### TASK STATEMENT
Locate every line in the records below that contains the word "Context", and copy each one.

------ SUPPLIED ENTRIES ------

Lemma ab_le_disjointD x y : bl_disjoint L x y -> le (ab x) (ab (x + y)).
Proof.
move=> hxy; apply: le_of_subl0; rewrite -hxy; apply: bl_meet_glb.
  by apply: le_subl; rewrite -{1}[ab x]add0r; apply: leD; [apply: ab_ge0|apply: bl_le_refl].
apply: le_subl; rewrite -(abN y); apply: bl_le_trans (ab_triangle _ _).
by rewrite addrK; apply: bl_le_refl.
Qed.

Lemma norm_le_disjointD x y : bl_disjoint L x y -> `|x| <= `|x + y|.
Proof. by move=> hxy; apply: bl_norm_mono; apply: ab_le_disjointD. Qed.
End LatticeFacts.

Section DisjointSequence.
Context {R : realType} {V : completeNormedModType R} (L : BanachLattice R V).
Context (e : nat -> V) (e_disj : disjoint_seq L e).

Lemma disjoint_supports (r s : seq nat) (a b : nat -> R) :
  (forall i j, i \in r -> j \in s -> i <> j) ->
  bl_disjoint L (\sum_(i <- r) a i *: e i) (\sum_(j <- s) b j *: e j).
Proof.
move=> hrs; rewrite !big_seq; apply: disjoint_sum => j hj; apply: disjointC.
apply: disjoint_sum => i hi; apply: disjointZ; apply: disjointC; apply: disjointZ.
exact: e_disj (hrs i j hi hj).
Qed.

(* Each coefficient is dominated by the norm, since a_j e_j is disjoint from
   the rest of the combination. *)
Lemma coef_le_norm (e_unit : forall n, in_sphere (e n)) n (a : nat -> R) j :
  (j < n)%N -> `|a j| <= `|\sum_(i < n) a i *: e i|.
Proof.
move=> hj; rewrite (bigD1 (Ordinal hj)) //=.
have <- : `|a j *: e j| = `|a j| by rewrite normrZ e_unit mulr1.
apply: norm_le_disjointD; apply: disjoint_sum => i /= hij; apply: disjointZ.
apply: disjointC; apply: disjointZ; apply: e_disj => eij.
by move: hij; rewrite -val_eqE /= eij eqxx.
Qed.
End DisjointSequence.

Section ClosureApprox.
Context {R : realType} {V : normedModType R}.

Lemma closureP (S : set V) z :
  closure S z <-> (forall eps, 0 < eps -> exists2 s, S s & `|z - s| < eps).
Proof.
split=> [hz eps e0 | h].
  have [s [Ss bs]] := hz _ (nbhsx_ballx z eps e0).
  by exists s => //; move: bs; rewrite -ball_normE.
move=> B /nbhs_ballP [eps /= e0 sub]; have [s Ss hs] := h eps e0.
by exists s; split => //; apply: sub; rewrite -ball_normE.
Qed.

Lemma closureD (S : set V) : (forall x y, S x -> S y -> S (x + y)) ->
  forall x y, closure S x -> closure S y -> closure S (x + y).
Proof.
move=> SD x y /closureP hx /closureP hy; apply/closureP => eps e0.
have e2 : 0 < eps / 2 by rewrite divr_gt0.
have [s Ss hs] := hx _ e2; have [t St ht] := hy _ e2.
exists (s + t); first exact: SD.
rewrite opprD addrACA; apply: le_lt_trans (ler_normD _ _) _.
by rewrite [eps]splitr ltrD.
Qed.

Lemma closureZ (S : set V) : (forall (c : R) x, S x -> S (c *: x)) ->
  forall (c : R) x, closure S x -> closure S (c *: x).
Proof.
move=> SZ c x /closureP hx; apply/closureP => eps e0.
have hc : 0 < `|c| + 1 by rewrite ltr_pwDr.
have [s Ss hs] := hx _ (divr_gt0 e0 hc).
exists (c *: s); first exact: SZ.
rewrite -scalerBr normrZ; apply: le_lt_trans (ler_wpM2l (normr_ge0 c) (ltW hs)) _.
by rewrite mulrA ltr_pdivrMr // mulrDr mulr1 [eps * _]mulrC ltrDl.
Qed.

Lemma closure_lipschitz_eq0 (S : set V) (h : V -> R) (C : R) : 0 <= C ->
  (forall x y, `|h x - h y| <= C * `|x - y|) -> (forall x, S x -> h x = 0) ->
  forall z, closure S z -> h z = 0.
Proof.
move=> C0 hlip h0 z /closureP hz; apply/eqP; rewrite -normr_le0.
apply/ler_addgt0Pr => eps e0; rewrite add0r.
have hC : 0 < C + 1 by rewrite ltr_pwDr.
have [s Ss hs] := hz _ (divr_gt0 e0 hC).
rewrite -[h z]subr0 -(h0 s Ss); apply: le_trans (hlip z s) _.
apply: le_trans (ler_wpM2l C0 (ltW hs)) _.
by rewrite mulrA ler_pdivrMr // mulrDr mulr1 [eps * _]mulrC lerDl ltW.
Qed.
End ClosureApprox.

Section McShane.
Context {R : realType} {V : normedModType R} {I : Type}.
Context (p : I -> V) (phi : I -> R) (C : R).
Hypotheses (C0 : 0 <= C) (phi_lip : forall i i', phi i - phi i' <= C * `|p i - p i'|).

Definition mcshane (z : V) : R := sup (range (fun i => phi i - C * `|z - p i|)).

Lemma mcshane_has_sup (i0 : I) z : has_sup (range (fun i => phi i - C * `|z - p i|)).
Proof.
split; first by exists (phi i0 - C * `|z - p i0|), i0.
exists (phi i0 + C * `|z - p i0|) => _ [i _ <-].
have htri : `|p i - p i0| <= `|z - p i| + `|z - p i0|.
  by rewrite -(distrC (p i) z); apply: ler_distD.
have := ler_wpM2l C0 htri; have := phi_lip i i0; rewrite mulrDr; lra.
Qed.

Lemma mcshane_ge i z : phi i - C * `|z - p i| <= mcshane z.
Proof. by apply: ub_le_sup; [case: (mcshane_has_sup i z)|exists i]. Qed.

------

### THE COMPLETED TASK
Context {R : realType} {V : completeNormedModType R} (L : BanachLattice R V).
Context (e : nat -> V) (e_disj : disjoint_seq L e).
Context {R : realType} {V : normedModType R}.
Context {R : realType} {V : normedModType R} {I : Type}.
Context (p : I -> V) (phi : I -> R) (C : R).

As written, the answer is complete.